Dataset content:

(* Let $P(x)=a_nx^n+\cdots+a_1x$ be a nonconstant polynomial with nonnegative integer coefficients, $a_n\ne0$, and content $\gcd(a_n,\dots,a_1)=1$. Let $(a,b)\in\mathbb{N}^2$, and for $1\le t<a$ set $d_t=\dfrac{P(a)}{\gcd(P(a),P(t))}$ and $\mathscr{L}_P(a)=\operatorname{lcm}\{d_t:1\le t<a\}$. If $\gcd(b,\mathscr{L}_P(a))=1$, then \[ \frac{b\,P(t)}{P(a)}\notin\mathbb{Z}\quad\text{for all integers } 1\le t<a, \] and hence $(a,b)$ is $\mathcal{F}(a_n,\dots,a_1)$-visible.
   Context: $\mathbb{N}$ denotes the positive integers; $\operatorname{lcm}$ of the empty set is $1$. The family $\mathcal{F}(a_n,\dots,a_1)=\{y=q(a_nx^n+\cdots+a_1x): q\in\mathbb{Q}^+\}$. A point $(r,s)\in\mathbb{N}^2$ is $\mathcal{F}(a_n,\dots,a_1)$-visible if there is $q\in\mathbb{Q}^+$ with $s=q(a_nr^n+\cdots+a_1r)$ and no other point of $\mathbb{N}^2$ lies on the curve $y=q(a_nx^n+\cdots+a_1x)$ between the origin and $(r,s)$. *)

From HB Require Import structures.
From mathcomp Require Import all_boot all_order all_algebra.
Set Implicit Arguments. Unset Strict Implicit. Unset Printing Implicit Defensive.
Import Order.TTheory GRing.Theory Num.Theory.
Local Open Scope ring_scope.

(* The polynomial P(x) = a_n x^n + ... + a_1 x is represented by P : {poly int}
   with P`_0 = 0.  Evaluation at a natural number r, cast into the rationals. *)
Definition evalQ (P : {poly int}) (r : nat) : rat := (P.[r%:Z])%:~R.

Definition content_pos (P : {poly int}) : nat :=
  \big[gcdn/0%N]_(1 <= i < size P) absz P`_i.

Definition dP (P : {poly int}) (a t : nat) : nat :=
  (absz P.[a%:Z] %/ gcdn (absz P.[a%:Z]) (absz P.[t%:Z]))%N.

Definition LP (P : {poly int}) (a : nat) : nat :=
  \big[lcmn/1%N]_(1 <= t < a) dP P a t.

(* (r,s) in N^2 (positive integers) is F(a_n,...,a_1)-visible: there is q in Q^+
   with s = q P(r), and no other point (r',s') of N^2 lies on y = q P(x) between
   the origin and (r,s), i.e. with 0 < r' < r. *)
Definition visible (P : {poly int}) (r s : nat) : Prop :=
  (0 < r)%N /\ (0 < s)%N /\
  exists q : rat, 0 < q /\ s%:R = q * evalQ P r /\
    forall r' s' : nat, (0 < r')%N -> (0 < s')%N -> (r' < r)%N ->
      s'%:R <> q * evalQ P r'.

From HB Require Import structures.
From mathcomp Require Import all_boot all_order all_algebra.

Set Implicit Arguments.
Unset Strict Implicit.
Unset Printing Implicit Defensive.

Import Order.TTheory GRing.Theory Num.Theory.
Local Open Scope ring_scope.

(* If P(a) divided b P(t), then, as it also divides b P(a), it would divide
   b gcd(P(a), P(t)); so d_t would divide b, and d_t | L_P(a) being coprime
   to b forces d_t = 1, i.e. P(a) | P(t).  This is impossible because a
   polynomial with nonnegative coefficients is strictly increasing on the
   nonnegative reals, whence 0 < P(t) < P(a).  Visibility follows: a lattice
   point (r, s) with r < a on y = b P(x) / P(a) would make b P(r) / P(a) an
   integer. *)

Lemma ltr_horner_nneg_coef (R : numDomainType) (P : {poly R}) (x y : R) :
  (1 < size P)%N -> (forall i, 0 <= P`_i) -> 0 <= x -> x < y -> P.[x] < P.[y].
Proof.
move=> sizeP P_ge0 x_ge0 lt_xy; have y_ge0 := le_trans x_ge0 (ltW lt_xy).
have [n sizePE] : exists n, size P = n.+2 by exists (size P).-2; case: (size P) sizeP => [|[]].
have lead_gt0 : 0 < P`_n.+1.
  rewrite lt_def P_ge0 andbT; have := lead_coef_eq0 P; rewrite lead_coefE sizePE /= => ->.
  by rewrite -size_poly_eq0 sizePE.
rewrite !horner_coef sizePE [X in X < _]big_ord_recr [X in _ < X]big_ord_recr /=.
apply: ler_ltD; last by rewrite ltr_pM2l // ltrXn2r.
by apply: ler_sum => i _; rewrite ler_wpM2l // lerXn2r ?nnegrE // ltW.
Qed.

Lemma dvdn_mul_coprime_quo_gcd m n b :
  coprime b (m %/ gcdn m n) -> (m %| b * n)%N = (m %| n)%N.
Proof.
move=> co_b_d; apply/idP/idP => [m_bn|]; last exact: dvdn_mull.
have [g0|g_gt0] := posnP (gcdn m n).
  by move: (dvdn_gcdl m n) (dvdn_gcdr m n); rewrite g0 !dvd0n => /eqP-> /eqP->.
have mE : (m %/ gcdn m n * gcdn m n)%N = m by rewrite divnK // dvdn_gcdl.
have m_bg : (m %| b * gcdn m n)%N by rewrite muln_gcdr dvdn_gcd m_bn dvdn_mull.
have d_b : (m %/ gcdn m n %| b)%N by rewrite -(dvdn_pmul2r g_gt0) mE.
have := coprime_dvdl d_b co_b_d; rewrite /coprime gcdnn => /eqP d1.
by rewrite -mE d1 mul1n dvdn_gcdr.
Qed.

Lemma Qint_dvdzE (m d : int) :
  d != 0 -> ((m%:~R / d%:~R : rat) \is a Num.int) = (d %| m)%Z.
Proof.
move=> d_neq0; apply/idP/idP => [/intrP[z]|]; last exact: Qint_dvdz.
move/(canRL (divfK _)); rewrite intr_eq0 -intrM => /(_ d_neq0) /intr_inj ->.
exact: dvdz_mull.
Qed.

Lemma dP_dvd_LP P a t : (1 <= t < a)%N -> (dP P a t %| LP P a)%N.
Proof. by move=> t_in; rewrite /LP (big_rem t) ?mem_index_iota //= dvdn_lcml. Qed.

Section NonnegCoefPoly.

Variable P : {poly int}.
Hypothesis sizeP : (1 < size P)%N.
Hypothesis P_ge0 : forall i, 0 <= P`_i.

Lemma horner_nat_gt0 (r : nat) : (0 < r)%N -> 0 < P.[r%:Z].
Proof.
move=> r_gt0; have lt_P0Pr : P.[0] < P.[r%:Z] by apply: ltr_horner_nneg_coef; rewrite ?ltz_nat.
by apply: le_lt_trans lt_P0Pr; rewrite horner_coef0.
Qed.

Lemma ratio_not_Qint (a b t : nat) : (1 <= t < a)%N -> coprime b (LP P a) ->
  b%:R * evalQ P t / evalQ P a \isn't a Num.int.
Proof.
move=> t_in co_b_L; have /andP[t_gt0 lt_ta] := t_in.
have Pt_gt0 := horner_nat_gt0 t_gt0.
have lt_PtPa : P.[t%:Z] < P.[a%:Z] by apply: ltr_horner_nneg_coef; rewrite ?ltz_nat ?ler0n.
have Pa_gt0 := lt_trans Pt_gt0 lt_PtPa.
rewrite /evalQ -[b%:R]/(b%:~R : rat) -intrM Qint_dvdzE ?gt_eqF // dvdzE abszM absz_nat.
rewrite dvdn_mul_coprime_quo_gcd; last exact: coprime_dvdr (dP_dvd_LP P t_in) co_b_L.
apply/negP => /dvdn_leq; rewrite absz_gt0 gt_eqF // leqNgt -ltz_nat.
by rewrite !gez0_abs ?ltW // lt_PtPa => /(_ isT).
Qed.

Lemma visible_of_ratio_not_Qint (a b : nat) : (0 < a)%N -> (0 < b)%N ->
  (forall t : nat, (1 <= t < a)%N -> b%:R * evalQ P t / evalQ P a \isn't a Num.int) ->
  visible P a b.
Proof.
move=> a_gt0 b_gt0 not_int; have Pa_gt0 : 0 < evalQ P a by rewrite ltr0z horner_nat_gt0.
do 2!split => //; exists (b%:R / evalQ P a); split; first by rewrite divr_gt0 ?ltr0n.
split=> [|r s r_gt0 _ lt_ra sE]; first by rewrite divfK ?gt_eqF.
by have := not_int r; rewrite r_gt0 lt_ra mulrAC -sE natr_int => /(_ isT).
Qed.

End NonnegCoefPoly.

Theorem theorem3p6 (P : {poly int}) (a b : nat) :
  (2 <= size P)%N ->                       (* nonconstant, a_n = lead_coef P <> 0 *)
  P`_0 = 0 ->                              (* no constant term *)
  (forall i, 0 <= P`_i) ->                 (* nonnegative integer coefficients *)
  content_pos P = 1%N ->                   (* gcd(a_n, ..., a_1) = 1 *)
  (0 < a)%N -> (0 < b)%N ->                (* (a,b) in N^2 *)
  coprime b (LP P a) ->
  (forall t : nat, (1 <= t < a)%N ->
     (b%:R * evalQ P t / evalQ P a) \isn't a Num.int) /\
  visible P a b.
Proof.
move=> sizeP _ P_ge0 _ a_gt0 b_gt0 co_b_L.
have not_int t (t_in : (1 <= t < a)%N) := ratio_not_Qint sizeP P_ge0 t_in co_b_L.
by split=> //; apply: visible_of_ratio_not_Qint.
Qed.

Task to carry out: Please copy the lines above from the line with "the rationals. *)" up to and including the line with "(* If P(a) divided", exactly as written and with nothing else.

Solved problem:
   with P`_0 = 0.  Evaluation at a natural number r, cast into the rationals. *)
Definition evalQ (P : {poly int}) (r : nat) : rat := (P.[r%:Z])%:~R.

Definition content_pos (P : {poly int}) : nat :=
  \big[gcdn/0%N]_(1 <= i < size P) absz P`_i.

Definition dP (P : {poly int}) (a t : nat) : nat :=
  (absz P.[a%:Z] %/ gcdn (absz P.[a%:Z]) (absz P.[t%:Z]))%N.

Definition LP (P : {poly int}) (a : nat) : nat :=
  \big[lcmn/1%N]_(1 <= t < a) dP P a t.

(* (r,s) in N^2 (positive integers) is F(a_n,...,a_1)-visible: there is q in Q^+
   with s = q P(r), and no other point (r',s') of N^2 lies on y = q P(x) between
   the origin and (r,s), i.e. with 0 < r' < r. *)
Definition visible (P : {poly int}) (r s : nat) : Prop :=
  (0 < r)%N /\ (0 < s)%N /\
  exists q : rat, 0 < q /\ s%:R = q * evalQ P r /\
    forall r' s' : nat, (0 < r')%N -> (0 < s')%N -> (r' < r)%N ->
      s'%:R <> q * evalQ P r'.

From HB Require Import structures.
From mathcomp Require Import all_boot all_order all_algebra.

Set Implicit Arguments.
Unset Strict Implicit.
Unset Printing Implicit Defensive.

Import Order.TTheory GRing.Theory Num.Theory.
Local Open Scope ring_scope.

(* If P(a) divided b P(t), then, as it also divides b P(a), it would divide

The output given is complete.